▶ [Task]
Print the line that has "From mathcomp Require Import all_boot" in it, then every remaining line of the data, exactly and without anything extra.

▶ [Given information]
(* Consider the setting: $x_l=\theta+\sigma\eta_l$ with $\theta\in(0,\theta_R]$, $\sigma>0$, $\eta_l$ i.i.d. symmetric about zero with real characteristic function $\varphi_\eta$; power $P>0$, channel noise variance $\sigma_\nu^2\ge 0$, and design parameter $\omega\in(0,2\pi/\theta_R]$. Define $\mathrm{AsV}_{\hat\theta}(\omega)=\dfrac{P+\sigma_\nu^2-P\varphi_\eta(2\sigma\omega)}{2P\omega^2\varphi_\eta^2(\sigma\omega)}$, $\mathrm{AsV}_{\hat\sigma}(\omega)=\dfrac{P+\sigma_\nu^2-2P\varphi_\eta^2(\sigma\omega)+P\varphi_\eta(2\sigma\omega)}{2P\left[\frac{\partial\varphi_\eta(\sigma\omega)}{\partial\sigma}\right]^2}$, and, with $\gamma=\theta^2/\sigma^2$, $\mathrm{AsV}_{\hat\gamma}(\omega)=\dfrac{4\gamma}{\sigma^2}\left[\mathrm{AsV}_{\hat\theta}(\omega)+\gamma\,\mathrm{AsV}_{\hat\sigma}(\omega)\right]$. Let $\omega_\theta^*,\omega_\sigma^*,\omega_\gamma^*$ denote the minimizers over $\omega\in(0,2\pi/\theta_R]$ (understood as the limiting endpoint $0$ when the infimum is approached as $\omega\to0$) of $\mathrm{AsV}_{\hat\theta}$, $\mathrm{AsV}_{\hat\sigma}$, $\mathrm{AsV}_{\hat\gamma}$ respectively. If $\mathrm{AsV}_{\hat\theta}$ and $\mathrm{AsV}_{\hat\sigma}$ are differentiable quasi-convex functions of $\omega$ on $(0,2\pi/\theta_R]$, then $\omega_\gamma^*$ lies between $\omega_\theta^*$ and $\omega_\sigma^*$.
   Context: A univariate function $f$ on $(0,2\pi/\theta_R]$ is called quasi-convex if either (c1) $f$ is monotone (non-decreasing or non-increasing), or (c2) $f$ has a global minimum at some $\omega^*$ such that $f$ is non-increasing for $\omega\le\omega^*$ and non-decreasing for $\omega\ge\omega^*$. *)

From HB Require Import structures.
From mathcomp Require Import all_boot all_order all_algebra.
From mathcomp Require Import all_classical all_reals all_analysis.
Set Implicit Arguments. Unset Strict Implicit. Unset Printing Implicit Defensive.
Import Order.TTheory GRing.Theory Num.Theory.
Import numFieldNormedType.Exports.
Local Open Scope classical_set_scope.
Local Open Scope ring_scope.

▶ [Answer to this problem]
From mathcomp Require Import all_boot all_order all_algebra.
From mathcomp Require Import all_classical all_reals all_analysis.
Set Implicit Arguments. Unset Strict Implicit. Unset Printing Implicit Defensive.
Import Order.TTheory GRing.Theory Num.Theory.
Import numFieldNormedType.Exports.
Local Open Scope classical_set_scope.
Local Open Scope ring_scope.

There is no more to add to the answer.